При том прилежном усердии, с каким склоняется над жаревом второй офицер – широкоплечий молодой крепыш, – мне нет надобности его представлять: это генерал Торнтон.
Третий, в плаще, очень похожем на бурое одеяло, перехваченное в талии кожаным поясом, тот, что сейчас таким небрежным движением берет понюшку из золотой табакерки, так вот, этот головорез, с ног до головы забрызганный олимпианской болотной жижей, этот бравый денди – не кто иной, как виконт Каслрей, бывший губернатор провинции Заморна.

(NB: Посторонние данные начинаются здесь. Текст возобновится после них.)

Lemma stress_free_d1ext_same_side : u \in Na -> v \in Na -> stress_free G q2.
Proof.
move=> uNa vNa w hw; have [_ [_ bV _] [NaV _ Na3 _] _ [VG _]] := ext.
have [x [uniq_uvx eNa]] := card3_set2U Na3 uNa vNa (d1ext_uv simG' ext).
have [c1 c2 c3] :
    [/\ - w [set a; b] - 2 * w [set a; u] - w [set a; v] - w [set a; x] = 0,
        2 * w [set a; b] + 2 * w [set a; u] + w [set a; v] + 2 * w [set a; x] = 0
      & - w [set a; x] = 0].
  have bNa : b \notin [set u; v; x] by rewrite -eNa; apply: contra (subsetP NaV b) bV.
  apply: (generic_affine_indep gp (uniq_cons_set3 uniq_uvx bNa)) => k.
  have aG : a \in gV G by rewrite VG !inE eqxx orbT.
  rewrite -[RHS](hw a aG k) (d1ext_stress_at_a simG' ext w k q2_old).
  by rewrite eNa big_set3 // q2_a q2_b /coords; ring.
have [wab0 wax0 wav] : [/\ w [set a; b] = 0, w [set a; x] = 0
                         & w [set a; v] = - 2 * w [set a; u]] by split; lra.
have wNb := d1ext_stress_generic_b q2_old q2_b hw wab0.
have [wau0 wE] : 2 * w [set a; u] = 0 /\ forall e, e \in gE G' :\ [set u; v] -> w e = 0.
  apply: (d1ext_lift_stress_free simG' ext freeG' q2_old hw) => z k zV.
  rewrite [X in _ + X](_ : _ = 0) ?addr0; last by case: ifP => // /wNb ->; rewrite mul0r.
  rewrite (rig_coef2 _ _ _ (d1ext_uv simG' ext)) q2_a eNa !inE.
  case: (eqVneq z u) => [-> | zu] /=; first by rewrite /coords; ring.
  case: (eqVneq z v) => [-> | zv] /=; first by rewrite wav /coords; ring.
  by case: eqP => [-> | _]; rewrite ?wax0 ?mul0r ?mulr0.
apply: (d1ext_stress_vanish ext) => // y; rewrite eNa !inE.
by move=> /orP [/orP [] | ] /eqP ->; lra.
Qed.

Local Notation q23 := (relocate (relocate f b (on_line f u v 3)) a (on_line f u v 2)).

Lemma q23_a k : q23 a k = f u k + 2 * (f v k - f u k).
Proof. by rewrite /relocate eqxx. Qed.

Lemma q23_b k : q23 b k = f u k + 3 * (f v k - f u k).
Proof. by have [_ [_ _ ab] _ _ _] := ext; rewrite /relocate eq_sym (negbTE ab) eqxx. Qed.

Lemma q23_old : {in gV G', forall z, q23 z =1 f z}.
Proof.
have [_ [aV bV _] _ _ _] := ext => z zV k.
by rewrite /relocate (negbTE (memPn aV z zV)) (negbTE (memPn bV z zV)).
Qed.

Lemma d1ext_opposite_sides_stress w :
  u \in Na -> u \notin Nb -> v \in Nb -> v \notin Na -> is_stress G q23 w ->
  [/\ w [set a; b] = 2 * w [set a; u], w [set b; v] = - w [set a; u],
      {in Na, forall y, y != u -> w [set a; y] = 0}
    & {in Nb, forall y, y != v -> w [set b; y] = 0}].
Proof.
move=> uNa uNb vNb vNa hw; have [_ _ [_ _ Na3 Nb3] _ [VG _]] := ext.
have [x1 [x2 [uniq_ux eNa]]] := card3_set1U Na3 uNa.
have [y1 [y2 [uniq_vy eNb]]] := card3_set1U Nb3 vNb.
have [aG bG] : a \in gV G /\ b \in gV G by rewrite VG !inE !eqxx !orbT.
have [c1 c2 c3] :
    [/\ w [set a; b] - 2 * w [set a; u] - w [set a; x1] - w [set a; x2] = 0,
        - w [set a; x1] = 0 & - w [set a; x2] = 0].
  have vNa' : v \notin [set u; x1; x2] by rewrite -eNa.
  apply: (generic_affine_indep gp (uniq_cons_set3 uniq_ux vNa')) => k.
  rewrite -[RHS](hw a aG k) (d1ext_stress_at_a simG' ext w k q23_old).
  by rewrite eNa big_set3 // q23_a q23_b /coords; ring.
have [d1 d2 d3] :
    [/\ w [set a; b] + 2 * w [set b; v] + 3 * w [set b; y1] + 3 * w [set b; y2] = 0,
        - w [set b; y1] = 0 & - w [set b; y2] = 0].
  have uNb' : u \notin [set v; y1; y2] by rewrite -eNb.
  apply: (generic_affine_indep gp (uniq_cons_set3 uniq_vy uNb')) => k.
  rewrite -[RHS](hw b bG k) (d1ext_stress_at_a simG' (d1ext_sym_ab ext) w k q23_old).
  by rewrite [[set b; a]]setUC eNb big_set3 // q23_a q23_b /coords; ring.
split; [lra | lra | move=> y; rewrite eNa | move=> y; rewrite eNb];
  by rewrite !inE => /orP [/orP [] | ] /eqP ->; rewrite ?eqxx // => _; lra.
Qed.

– Что ж, – промолвил Торнтон, вставая с колен – в этой позиции он молча надзирал за отбивными, – кажись, готовы. Берите-ка по овсяной лепешке да сольцы, а я раздам мясо. Вот вам, Арундел, вот вам, Каслрей, дружище, а это мне.
– Львиная доля, – вполголоса пробормотал Арундел, вгрызаясь в отбивную зубами белыми и острыми, как у мастифа.
Торнтон не услышал его слов и, слегка разомлев от сытости и тепла, принялся в своей особой манере пожимать плечами и теребить мочку уха с явным намерением произнести что-то умное и поучительное.
– А домик-то славный, – сказал он, оглядываясь, – и ведь жил же здесь кто-то в свое удовольствие. Да и не старый совсем домишко. Я бы сказал, построен лет сорок назад – никаких тебе низких потолков да узких оконцев с частым переплетом, а большие красивые рамы – загляденье небось было, пока стекла не выбили. Стены прямые, ровные – так и вижу их в обоях, а не в зеленой плесени. Интересно, кто тут жил?
– Человек по имени Джордж Тернер Грей, – ответил лорд Арундел.
– Тернер Грей! – вырвалось у Каслрея. – Где-то я его имя слышал, вот только где? Ах да, вспомнил. Это было в Доуро примерно месяц назад. Мы обороняли Саннибэнк. Мы – то есть я и пять десятков отчаянных молодчиков, которых чума выгнала из Честера. Мы укрепились, как могли, в церкви и доме священника и отстреливались от батальона Симпсоновых чертей. Вдруг кто-то крикнул, что в ризнице пожар. Началась паника, но пастор – истинный сын Церкви воинствующей – именем Божьим призвал нас оставаться на местах.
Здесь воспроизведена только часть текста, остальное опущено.